Tajuk Redaksi
Menggugat Harga Murah Patokan Kayu Hutan Tanaman Industri: Pemerintah Buntung, Siapa Untung?
SABANGMERAUKE NEWS, Pekanbaru - Hamparan pepohonan menghijau sepanjang mata memandang. Bentuknya seragam, tertata dan rapi. Jika anda berada di pesawat terbang hendak ke Pekanbaru, maka akan bisa menyaksikannya dengan jelas, sebelum landing di bandara. Itulah potret hutan tanaman industri HTI di Riau.
Provinsi Riau dikenal sebagai salah satu pusat industri kehutanan utamanya yang berbahan dasar kayu akasia dan eukaliptus. Sering disebut dengan industri pulp and paper.
Dua jawara di bisnis ini yakni PT Riau Andalan Pulp and Paper RAPP terafiliasi dengan raksasa APRIL. Satu lagi PT Indah Kiat Pulp and Paper IKPP, beririsan dengan sayap bisnis Sinar Mas Forestry.
Kayu akasia dan eukaliptus ditanam di atas kawasan hutan produksi. Data Kementerian Lingkungan Hidup dan Kehutanan KLHK menyebut luasan hutan produksi di Riau mencapai 4,5 juta hektar lebih. Seluas 2,33 juta hektar masuk dalam kategori hutan produksi tetap. Sisanya hutan produksi terbatas HPT dan hutan produksi konversi HPK.
Nah, dari jutaan hektar hutan produksi itu, sepertiganya dikelola untuk penanaman kayu akasia dan eukaliptus untuk bahan baku pabrik milik RAPP dan IKPP. Perizinannya disebut dengan Izin Usaha Pengelolaan Hasil Hutan Kayu Hutan Tanaman disingkat IUPHHK-HT.
Hingga tahun 2019 lalu, tercatat ada sebanyak 52 perusahaan pemegang izin hutan tanaman industri di Riau. Yang paling lebar adalah PT RAPP seluas 338.536 hektar, disusul PT Arara Abadi dengan luasan 296.262 hektar. Ada lagi PT Sumatera Riang Lestari seluas 148.075 hektar. Sisanya dikelola sebanyak 49 perusahaan lain yang berafiliasi dan bermitra sebagai pemasok bahan kayu ke pabrik milik RAPP dan IKPP. Total hutan tanaman industri di Provinsi Riau seluas 1.581.588 hektar.

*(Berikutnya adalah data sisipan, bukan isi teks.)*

(* On every instance with largeness ratio $\theta$, the set $\chi_k$ of winners selected by the Oracle Mechanism satisfies $F(\chi_k)\ge(\tfrac12-\theta)F^\star$; i.e., the Oracle Mechanism has approximation ratio at least $\tfrac12-\theta$.
   Context: Sellers $S=\{1,\dots,n\}$ each own one indivisible item and have a cost $c_i\ge0$. The buyer's utility is a monotone submodular $F:2^S\to\mathbb R_{\ge0}$, budget $B>0$; $c(T)=\sum_{i\in T}c_i$. $F^\star=\max\{F(T):c(T)\le B\}>0$; the largeness ratio is $\theta=\max_{s}F(\{s\})/F^\star$. Greedy sequence $\chi(F)=\langle x_1,\dots,x_n\rangle$: with $\chi_0=\emptyset$, $\chi_i=\{x_1,\dots,x_i\}$, $x_i$ maximizes $(F(\chi_{i-1}\cup\{s\})-F(\chi_{i-1}))/c_s$ over $s\notin\chi_{i-1}$ (ratio $+\infty$ if $c_s=0$; ties arbitrary); $\partial_i=F(\chi_i)-F(\chi_{i-1})$. Oracle Mechanism (on the costs): compute $F^\star$, construct $\chi(F)$, let $k$ be the largest integer with $F(\chi_k)\le F^\star/2$, and declare $\chi_k$ the set of winners; each winner $x_j$ is paid $2r_{x_j}\partial_j$, where $r_s=B/F^\star_s$ and $F^\star_s$ is the optimum with seller $s$ removed. *)

From HB Require Import structures.
From mathcomp Require Import all_boot all_order all_algebra.
From mathcomp Require Import constructive_ereal.
Set Implicit Arguments. Unset Strict Implicit. Unset Printing Implicit Defensive.
Import Order.TTheory GRing.Theory Num.Theory.
Local Open Scope ring_scope.

Section Defs.
Variables (R : realFieldType) (T : finType).

Definition cost (c : T -> R) (A : {set T}) : R := \sum_(i in A) c i.

Definition monotone_set_fun (F : {set T} -> R) : Prop :=
  forall A B : {set T}, A \subset B -> F A <= F B.

Definition submodular (F : {set T} -> R) : Prop :=
  forall A B : {set T}, F (A :|: B) + F (A :&: B) <= F A + F B.

(* F^* = max { F(A) : c(A) <= B }  (F >= 0, so max with 0 is harmless;
   the empty set is always feasible when B > 0) *)
Definition Fstar (F : {set T} -> R) (c : T -> R) (B : R) : R :=
  \big[Num.max/0]_(A : {set T} | cost c A <= B) F A.

Definition largeness (F : {set T} -> R) (c : T -> R) (B : R) : R :=
  (\big[Num.max/0]_(s : T) F [set s]) / Fstar F c B.

Definition chi (xs : seq T) (i : nat) : {set T} := [set x in take i xs].

Definition gain_ratio (F : {set T} -> R) (c : T -> R) (P : {set T}) (s : T)
  : \bar R :=
  if c s == 0 then +oo%E else ((F (s |: P) - F P) / c s)%:E.

Definition greedy_seq (F : {set T} -> R) (c : T -> R) (xs : seq T) : Prop :=
  [/\ uniq xs, size xs = #|T| &
      forall (i : nat) (x0 : T), (i < #|T|)%N ->
        forall s : T, s \notin chi xs i ->
          (gain_ratio F c (chi xs i) s <= gain_ratio F c (chi xs i) (nth x0 xs i))%E].

Definition oracle_k (F : {set T} -> R) (c : T -> R) (B : R) (xs : seq T) (k : nat)
  : Prop :=
  [/\ (k <= #|T|)%N, F (chi xs k) <= Fstar F c B / 2 &
      forall j : nat, (k < j <= #|T|)%N -> ~ (F (chi xs j) <= Fstar F c B / 2)].

End Defs.

From HB Require Import structures.
From mathcomp Require Import all_boot all_order all_algebra.
From mathcomp Require Import constructive_ereal.
From mathcomp Require Import ring lra.
Import Order.TTheory GRing.Theory Num.Theory.
Local Open Scope ring_scope.

Set Implicit Arguments.
Unset Strict Implicit.

(* As chi_(k+1) adds a single seller x to chi_k, submodularity bounds this by
   F(chi_k) + F({x}) <= F(chi_k) + theta F^*. *)

Section Chi.
Variable T : finType.

Lemma chiS (xs : seq T) (x0 : T) (i : nat) :
  (i < size xs)%N -> chi xs i.+1 = nth x0 xs i |: chi xs i.
Proof.
move=> lt_i; apply/setP => y.
by rewrite /chi (take_nth x0 lt_i) !inE mem_rcons in_cons.
Qed.

Lemma chi_enum (xs : seq T) :
  uniq xs -> size xs = #|T| -> chi xs #|T| = setT.
Proof.
move=> uniq_xs size_xs; apply/eqP.
rewrite eqEcard subsetT cardsT /chi -size_xs take_size cardsE.
by rewrite (card_uniqP uniq_xs) leqnn.
Qed.

End Chi.

Section SetFunction.
Variables (R : realFieldType) (T : finType) (F : {set T} -> R).
Hypothesis F_ge0 : forall A, 0 <= F A.

Lemma submodular_setU1 (A : {set T}) (x : T) :
  submodular F -> F (x |: A) <= F A + F [set x].
Proof.
move=> subF; have := subF A [set x]; have := F_ge0 (A :&: [set x]).
by rewrite setUC; lra.
Qed.

Lemma Fstar_le_setT (c : T -> R) (B : R) :
  monotone_set_fun F -> Fstar F c B <= F setT.
Proof. by move=> monF; apply: bigmax_le => // A _; apply/monF/subsetT. Qed.

Lemma singleton_le_largeness (c : T -> R) (B : R) (x : T) :
  0 < Fstar F c B -> F [set x] <= largeness F c B * Fstar F c B.
Proof.
move=> Fs_gt0; rewrite /largeness divfK ?gt_eqF //.
exact: (le_bigmax _ (fun s => F [set s])).
Qed.

Lemma oracle_k_lt_card (c : T -> R) (B : R) (xs : seq T) (k : nat) :
  monotone_set_fun F -> 0 < Fstar F c B -> uniq xs -> size xs = #|T| ->
  oracle_k F c B xs k -> (k < #|T|)%N.
Proof.
move=> monF Fs_gt0 uniq_xs size_xs [le_k Fk_le _].
rewrite ltn_neqAle le_k andbT; apply/eqP => k_eq.
move: Fk_le; rewrite k_eq chi_enum //.
have := Fstar_le_setT c B monF; lra.
Qed.

End SetFunction.

Theorem lemma17 (R : realFieldType) (T : finType)
  (F : {set T} -> R) (c : T -> R) (B : R) (xs : seq T) (k : nat) :
  (forall i, 0 <= c i) ->
  0 < B ->
  (forall A, 0 <= F A) ->
  monotone_set_fun F ->
  submodular F ->
  0 < Fstar F c B ->
  greedy_seq F c xs ->
  oracle_k F c B xs k ->
  (1 / 2 - largeness F c B) * Fstar F c B <= F (chi xs k).
Proof.
move=> _ _ F_ge0 monF subF Fs_gt0 [uniq_xs size_xs _] oracle.
have lt_k := oracle_k_lt_card F_ge0 monF Fs_gt0 uniq_xs size_xs oracle.
have [_ _ k_max] := oracle.
have Fk1_gt : Fstar F c B / 2 < F (chi xs k.+1).
  by rewrite ltNge; apply/negP/k_max; rewrite ltnSn lt_k.
have lt_k_size : (k < size xs)%N by rewrite size_xs.
have x0 : T by case: xs lt_k_size {uniq_xs size_xs oracle k_max Fk1_gt}.
set x := nth x0 xs k.
have Fk1_le : F (chi xs k.+1) <= F (chi xs k) + F [set x].
  by rewrite (chiS x0 lt_k_size); apply: submodular_setU1.
have := singleton_le_largeness x Fs_gt0.
lra.
Qed.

Sejumlah riset mengungkap banyak dampak negatif keberadaan industri kayu hutan monokultur ini. Salah satunya bahaya ekologis.
Pengelolaan HTI di hutan gambut memicu lepasnya karbon berdampak pada pemanasan global dengan naiknya suhu planet bumi.
Pengelolaan gambut kerap berujung pada terbakarnya hutan lahan menimbulkan polusi udara hingga ke mancanegara.
Di sisi lain, pembukaan HTI memaksa satwa liar dilindungi keluar dari sarang karena habitatnya dirusak. Keanekaragaman hayati hutan di Riau pun menyusut.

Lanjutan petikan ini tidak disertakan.